### What you have to do
The result should be every line of the listing that holds the word "product".

══════════

(* Let $a<b$ and let $\mathbf{v}:[a,b]\to\mathbb{R}^n$ be continuously differentiable, and suppose $\mathbf{v}(t)=0$ for only finitely many $t\in[a,b]$. Then there exists a continuously differentiable function $\mu:[a,b]\to\mathbb{R}$ such that $|\mu(t)|=\|\mathbf{v}(t)\|_2$ for all $t\in[a,b]$.
   Context: $\|\cdot\|_2$ is the Euclidean norm on $\mathbb{R}^n$. *)

From Stdlib Require Import Reals Lra Lia List.
Open Scope R_scope.

(* Vectors of R^n are represented as x : nat -> R, only components i < n matter. *)
Fixpoint sumsq (n : nat) (x : nat -> R) : R :=
  match n with
  | O => 0
  | S m => sumsq m x + (x m) ^ 2
  end.

Definition norm2 (n : nat) (x : nat -> R) : R := sqrt (sumsq n x).

Definition C1_on (a b : R) (f : R -> R) : Prop :=
  exists f' : R -> R,
    (forall t, a <= t <= b ->
       limit1_in (fun s => (f s - f t) / (s - t))
                 (fun s => a <= s <= b /\ s <> t) (f' t) t) /\
    (forall t, a <= t <= b ->
       limit1_in f' (fun s => a <= s <= b) (f' t) t).

From Stdlib Require Import Reals Lra Lia List ClassicalEpsilon.
Open Scope R_scope.

(* Let Z be the finite zero set of v in [a,b] (without
   repetitions) and let sg Z t = (-1)^#{z in Z | z < t}, a sign that flips
   just after each zero.  We take mu = sg Z * |v|, so |mu| = |v| trivially.
   Off Z, sg Z is locally constant and |v| is C^1 with derivative
   <v, v'>/|v|.  At a zero t write v s = (s - t) q_t(s), q_t the difference
   quotient vector, which tends to v'(t): the flip of sg Z at t cancels the
   sign of s - t, so mu s = - sg Z t (s - t) |q_t(s)| near t, giving
   mu'(t) = - sg Z t |v'(t)|, and near t the derivative equals
   - sg Z t <q_t, v'>/|q_t|, which tends to mu'(t) (to 0 via the bound
   |<x,y>| <= |x|_2 |y|_1 when v'(t) = 0). *)

Lemma lim_local_ext (f g : R -> R) (D : R -> Prop) (l x0 : R) :
  (exists d, 0 < d /\ forall x, D x -> Rabs (x - x0) < d -> f x = g x) ->
  limit1_in f D l x0 -> limit1_in g D l x0.
Proof.
  intros [d [Hd Hfg]] Hf eps Heps.
  destruct (Hf eps Heps) as [al [Hal Hclose]].
  exists (Rmin al d); split; [now apply Rmin_pos|].
  intros x [Dx Hx]; simpl in *; unfold Rdist in *.
  pose proof (Rmin_l al d); pose proof (Rmin_r al d).
  rewrite <- Hfg by (auto; lra).
  apply Hclose; split; [assumption|]; simpl; unfold Rdist; lra.
Qed.

Lemma lim_const (c : R) (D : R -> Prop) (x0 : R) : limit1_in (fun _ => c) D c x0.
Proof. exact (limit_free (fun _ => c) D x0 x0). Qed.

Lemma lim_restrict (f : R -> R) (D D' : R -> Prop) (l x0 : R) :
  (forall x, D' x -> D x) -> limit1_in f D l x0 -> limit1_in f D' l x0.
Proof.
  intros Hsub Hf eps Heps; destruct (Hf eps Heps) as [al [Hal Hclose]].
  exists al; split; [assumption|]; intros x [Dx Hx]; apply Hclose; auto.
Qed.

Lemma lim_punctured (f : R -> R) (D : R -> Prop) (x0 : R) :
  limit1_in f (fun x => D x /\ x <> x0) (f x0) x0 -> limit1_in f D (f x0) x0.
Proof.
  intros Hf eps Heps; destruct (Hf eps Heps) as [al [Hal Hclose]].
  exists al; split; [assumption|]; intros x [Dx Hx].
  destruct (Req_dec x x0) as [->|Hne].
  - simpl; unfold Rdist; rewrite Rminus_diag, Rabs_R0; lra.
  - apply Hclose; auto.
Qed.

Lemma lim_continuous_comp (g f : R -> R) (D : R -> Prop) (l x0 : R) :
  continuity_pt g l -> limit1_in f D l x0 ->
  limit1_in (fun x => g (f x)) D (g l) x0.
Proof.
  intros Hg Hf eps Heps.
  destruct (Hg eps Heps) as [al [Hal Hgclose]].
  destruct (Hf al Hal) as [be [Hbe Hfclose]].
  exists be; split; [assumption|]; intros x [Dx Hx].
  destruct (Req_dec (f x) l) as [->|Hne].
  - simpl; unfold Rdist; rewrite Rminus_diag, Rabs_R0; lra.
  - apply Hgclose; split; [split; [exact I | auto]|]; apply Hfclose; auto.
Qed.
(* Let $N\ge 2$, let $T_N$ be the homogeneous tree in which every vertex has degree $N$, and fix a root $o$. Let $m>1$ and $(p,q)\in G_3=\{(p,q): p<0,\ m-1<q<m\}$. Then for every $\epsilon>0$ there exists a weight $\mu$ on $T_N$ such that $$W_o(n)\asymp n^{\frac{q}{q-m+1}}(\ln n)^{\frac{m-1}{q-m+1}+\epsilon}\quad\text{for } n\ge 2,$$ and the inequality $\Delta_m u+u^p|\nabla u|^q\le 0$ on $T_N$ admits a nontrivial positive solution.
   Context: A weight on a graph $(V,E)$ is a symmetric function $\mu:V\times V\to[0,\infty)$ with $\mu_{xy}=\mu_{yx}>0$ if and only if $x\sim y$ (adjacent); $\mu(x)=\sum_{y\sim x}\mu_{xy}$. For $m>1$, $\Delta_m u(x)=\frac{1}{\mu(x)}\sum_{y\sim x}\mu_{xy}|u(y)-u(x)|^{m-2}(u(y)-u(x))$ and $|\nabla u(x)|=\big(\sum_{y\sim x}\frac{\mu_{xy}}{2\mu(x)}(u(y)-u(x))^2\big)^{1/2}$. $d$ is the graph distance, $B(o,n)=\{x: d(o,x)\le n\}$, $W_o(n)=\sum_{x\in B(o,n),\,y\in V,\,d(o,x)<d(o,y)}\mu_{xy}$. $f(n)\asymp g(n)$ for $n\ge2$ means there are constants $c,C>0$ with $c\,g(n)\le f(n)\le C\,g(n)$ for all $n\ge 2$. A nontrivial positive solution is a non-constant $u:V\to(0,\infty)$ with $\Delta_m u(x)+u(x)^p|\nabla u(x)|^q\le0$ for all $x\in V$. *)

From HB Require Import structures.
From mathcomp Require Import all_boot all_order all_algebra.
From mathcomp Require Import all_classical all_reals all_analysis.
Set Implicit Arguments. Unset Strict Implicit. Unset Printing Implicit Defensive.
Import Order.TTheory GRing.Theory Num.Theory.
Local Open Scope ring_scope.
(* Let $m\ge 1$ and $n\ge 1$ be integers and let $G=K_m\circ\overline{K_n}$ (equivalently, the complete $m$-partite graph $K_{n,n,\ldots,n}$ with $m$ parts of size $n$), a graph on $mn$ vertices. If $n\ge 2$, then $G$ is orientable $\mathbb{Z}_{mn}$-distance magic if and only if $n\not\equiv 1\pmod 2$ or $m\not\equiv 2\pmod 4$. If $n=1$ (so $G=K_m$), then $G$ is orientable $\mathbb{Z}_{m}$-distance magic if and only if $m$ is odd.
   Context: For graphs $G,H$, the lexicographic product $G\circ H$ has vertex set $V(G)\times V(H)$, with $(g,h)$ adjacent to $(g',h')$ iff $g$ is adjacent to $g'$ in $G$, or $g=g'$ and $h$ is adjacent to $h'$ in $H$. $\overline{K_n}$ denotes the edgeless graph on $n$ vertices. For an oriented graph $\vec G$ and a vertex $x$, $N^+(x)$ is the set of vertices $y$ with an arc from $x$ to $y$, and $N^-(x)$ is the set of vertices $y$ with an arc from $y$ to $x$. For an Abelian group $\Gamma$ of order $n$, a directed $\Gamma$-distance magic labeling of an oriented graph $\vec G$ of order $n$ is a bijection $\vec l:V\to\Gamma$ such that there is $\mu\in\Gamma$ with $\sum_{y\in N^+(x)}\vec l(y)-\sum_{y\in N^-(x)}\vec l(y)=\mu$ for every vertex $x$. A simple graph $G$ of order $n$ is orientable $\Gamma$-distance magic if some orientation of its edges admits a directed $\Gamma$-distance magic labeling. $\mathbb{Z}_n$ is the cyclic group of integers modulo $n$. *)

From HB Require Import structures.
From mathcomp Require Import all_boot all_order all_algebra.
Set Implicit Arguments. Unset Strict Implicit. Unset Printing Implicit Defensive.
Import GRing.Theory.
Local Open Scope ring_scope.

(* The cyclic group Z_k for k >= 1, represented by 'I_k with its canonical
   additive group structure ('I_(k.-1.+1) is convertible to 'I_k for k >= 1,
   and unlike 'Z_k it is the trivial group for k = 1). *)
Definition Zcyc (k : nat) : finZmodType := 'I_(k.-1.+1).

(* Lexicographic product K_m o (edgeless graph on n vertices):
   (g,h) ~ (g',h') iff g ~ g' in K_m (i.e. g != g'), or g = g' and h ~ h'
   in the edgeless graph (never). *)
Definition KmLexEmpty (m n : nat) : rel ('I_m * 'I_n) :=
  fun x y => (x.1 != y.1) || ((x.1 == y.1) && false).

Definition is_orientation (V : finType) (adj : rel V) (o : rel V) : Prop :=
  forall x y, adj x y = (o x y || o y x) /\ ~~ (o x y && o y x).

Definition directed_distance_magic (V : finType) (Gam : zmodType)
    (o : rel V) (l : V -> Gam) : Prop :=
  bijective l /\
  exists mu : Gam, forall x : V,
    (\sum_(y | o x y) l y) - (\sum_(y | o y x) l y) = mu.

Definition orientable_distance_magic (V : finType) (Gam : zmodType)
    (adj : rel V) : Prop :=
  exists o : rel V, is_orientation adj o /\
    exists l : V -> Gam, directed_distance_magic o l.

(* If m is odd or n is
   even, label vertex (i, j) of the i-th part by i + m j in Z_mn and orient
   x -> y when l(y) - l(x) lies in a fixed "half" D of the non-multiples of m
   (D and -D partition them); then the magic sum at every vertex is
   sum_{d in D} 2d.  If 4 | m and n is odd, orient the edges between parts
   according to the order of the parts, twisted by a sign on the vertices,
   and label so that every part has signed label sum zero; then every vertex
   has magic sum 0.
   Necessity: when m is even, the parity of the labels is a homomorphism
   Z_mn -> Z_2, so the parities of the label sums of the parts all agree;
   as there are an even number of parts, the total label sum 0 + ... + (mn-1)
   is even, i.e. 4 | mn.  This fails for m = 2 mod 4 and n odd, and for
   n = 1 the parts are single vertices, which cannot all carry labels of the
   same parity. *)

From mathcomp Require Import all_boot all_order all_algebra zify.
Set Implicit Arguments. Unset Strict Implicit. Unset Printing Implicit Defensive.
Import GRing.Theory.

Section DifferenceOrientation.
Variables (V : finType) (Gam : finZmodType) (l : V -> Gam) (D : pred Gam).

Definition diff_orient : rel V := fun x y => D (l y - l x)%R.

Lemma diff_orient_magic : bijective l -> directed_distance_magic diff_orient l.
Proof.
move=> l_bij; split=> //; exists (\sum_(z | D z) (z + z))%R => x.
have reindex_l (P : pred Gam) : (\sum_(y | P (l y)) l y = \sum_(z | P z) z)%R.
  by rewrite (reindex l) //; exact: onW_bij.
have out_sum : (\sum_(y | D (l y - l x)) l y = \sum_(z | D z) (z + l x))%R.
  rewrite (reindex_l (fun z => D (z - l x)%R)) (reindex_inj (@addIr _ (l x))).
  by apply: eq_bigl => z; rewrite /= addrK.
have in_sum : (\sum_(y | D (l x - l y)) l y = \sum_(z | D z) (l x - z))%R.
  rewrite (reindex_l (fun z => D (l x - z)%R)) (reindex_inj (@subrI _ (l x))).
  by apply: eq_bigl => z; rewrite /= subKr.
rewrite /diff_orient out_sum in_sum -sumrB; apply: eq_bigr => z _.
by rewrite opprB addrAC -addrA subrK.
Qed.
Lemma Q_ge_one_sub (s : R) :
  (INR A + 1) * δ <= s <= (INR A + 2) * δ -> 1 - 2 / INR N <= Q s.
Proof.
  intros Hs.
  assert (0 <= s) by (pose proof (pos_INR A); nra).
  assert (n1t_small : INR (N ^ A) * t s <= / INR N).
  { rewrite INR_pow_N_mul_t, <- exp_neg_l; apply exp_le_compat.
    assert (INR A + 1 <= s / δ) by (apply Rle_div_r; lra); nra. }
  assert (n2t_large : exp (- (INR (N ^ (A + 3)) * t s)) <= / INR N).
  { apply exp_neg_le_inv_N; rewrite INR_pow_N_mul_t, <- exp_l, plus_INR.
    apply exp_le_compat; simpl.
    assert (s / δ <= INR A + 2) by (apply Rle_div_l; lra); nra. }
  pose proof (bump_ge (N ^ A) (N ^ (A + 3)) (t s) (t_range s ltac:(lra))).
  unfold Q, Rdiv; lra.
Qed.

Lemma ex_RInt_h_Q (a b : R) : ex_RInt (fun s => h s * Q s) a b.
Proof.
  apply ex_RInt_mul_continuous; [exact h_cont|].
  intros x; apply (ex_derive_continuous (V := R_NormedModule)).
  unfold Q, bump, t; auto_derive; auto.
Qed.

Lemma laplace_moments (M : R) :
  (forall ρ, l / δ <= ρ ->
     Rabs (RInt (fun s => h s * exp (- (ρ * s))) 0 u) <= M * exp (- ((u - δ) * ρ))) ->
  forall j : nat, (1 <= j)%nat -> Rabs (RInt (fun s => h s * t s ^ j) 0 u) <= M * r ^ j.
Proof.
  intros decay j Hj.
  assert (1 <= INR j) by (apply (le_INR 1); exact Hj).
  rewrite (RInt_ext _ (fun s => h s * exp (- (INR j * (l / δ) * s)))); cycle 1.
  { intros x _; unfold t; rewrite <- exp_INR_mul; do 2 f_equal; ring. }
  unfold r; rewrite <- exp_INR_mul.
  replace (INR j * - ((u - δ) * (l / δ))) with (- ((u - δ) * (INR j * (l / δ)))) by ring.
  apply decay.
  assert (0 < l / δ) by (apply Rdiv_lt_0_compat; lra); nra.
Qed.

══════════

### Answer section
   Context: For graphs $G,H$, the lexicographic product $G\circ H$ has vertex set $V(G)\times V(H)$, with $(g,h)$ adjacent to $(g',h')$ iff $g$ is adjacent to $g'$ in $G$, or $g=g'$ and $h$ is adjacent to $h'$ in $H$. $\overline{K_n}$ denotes the edgeless graph on $n$ vertices. For an oriented graph $\vec G$ and a vertex $x$, $N^+(x)$ is the set of vertices $y$ with an arc from $x$ to $y$, and $N^-(x)$ is the set of vertices $y$ with an arc from $y$ to $x$. For an Abelian group $\Gamma$ of order $n$, a directed $\Gamma$-distance magic labeling of an oriented graph $\vec G$ of order $n$ is a bijection $\vec l:V\to\Gamma$ such that there is $\mu\in\Gamma$ with $\sum_{y\in N^+(x)}\vec l(y)-\sum_{y\in N^-(x)}\vec l(y)=\mu$ for every vertex $x$. A simple graph $G$ of order $n$ is orientable $\Gamma$-distance magic if some orientation of its edges admits a directed $\Gamma$-distance magic labeling. $\mathbb{Z}_n$ is the cyclic group of integers modulo $n$. *)
(* Lexicographic product K_m o (edgeless graph on n vertices):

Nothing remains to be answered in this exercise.